To harden their virtual tools and applications, governments should prioritize building remote work policies with an eye toward evaluating current security capabilities and determining use cases. In addition to outlining specific security guidelines, a strong remote work policy will help identify the biggest risks, what each employee needs to be productive and what solutions enable secure virtual work.
2. Train and Retrain Employees
Educating employees about potential risks is paramount to maintaining secure systems. In a recent survey of IT security professionals, 72% said employees believe they are adequately protected and/or are too small to be a target for attackers.
Unfortunately, a divide exists between perceived risk and actual risks – the FBI reports that local governments were the second most targeted group behind academia, and the top modes of attack were phishing emails and exploitation of vulnerabilities in hardware and software.
To close this divide, governments should implement user training programs that include how to recognize signs of malware or a phishing scam, examine links and attachments before opening and employ a strong password management strategy.

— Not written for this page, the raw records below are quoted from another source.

(* Let $n,t_1,t_2$ be positive integers with $t_1\ge t_2$. Then $$R(C_{t_1},Q_n)=n+t_1-1\qquad\text{and}\qquad R(\mathcal{C}_{t_1,t_2},Q_n)=n+t_1+1.$$
   Context: $C_t$ denotes a chain (totally ordered poset) on $t$ elements. The parallel composition $P_1+P_2$ of posets is the disjoint union of a copy of $P_1$ and a copy of $P_2$ in which every element of one is incomparable to every element of the other. The chain composition is $\mathcal{C}_{t_1,\dots,t_\ell}=C_{t_1}+\dots+C_{t_\ell}$ with $t_1\ge\dots\ge t_\ell$. $Q_n$ is the Boolean lattice of all subsets of an $n$-element set ordered by inclusion. A copy of a poset $P$ in $Q$ is an induced subposet of $Q$ isomorphic to $P$. $R(P_1,P_2)$ is the smallest integer $N$ such that every blue/red coloring of the elements of $Q_N$ contains an all-blue copy of $P_1$ or an all-red copy of $P_2$. *)

From mathcomp Require Import all_boot.
Set Implicit Arguments. Unset Strict Implicit. Unset Printing Implicit Defensive.

Definition chain_le (t : nat) : rel 'I_t := fun x y => (x <= y)%N.

Definition par_le (T1 T2 : Type) (le1 : rel T1) (le2 : rel T2) : rel (T1 + T2) :=
  fun x y => match x, y with
             | inl a, inl b => le1 a b
             | inr a, inr b => le2 a b
             | _, _ => false
             end.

Ongoing training exercises will deepen employee understanding of risks and ensure appropriate responses to suspicious activity. Additionally, security guidelines outlined in the remote work policy should be shared and enforced across the organization so everyone is working from the same security-first mindset.
3. Back Up Data
One of the best ways to avoid data loss due to any catastrophic event – whether a cyberattack, natural disaster or server crash – is by creating a data backup plan. In fact, a robust backup plan, like the one adopted by Yuba County, California, is one of the easiest and most cost-effective precautions that local governments can take to mitigate the risks of a cybersecurity incident.
Good backup plans include keeping regular backups at secure locations offsite, encrypting backups and routinely testing backups for data and operational integrity. Cloud backups, like those provided by native cloud service providers, can help ensure continuity of service and minimize downtime in the event of a breach.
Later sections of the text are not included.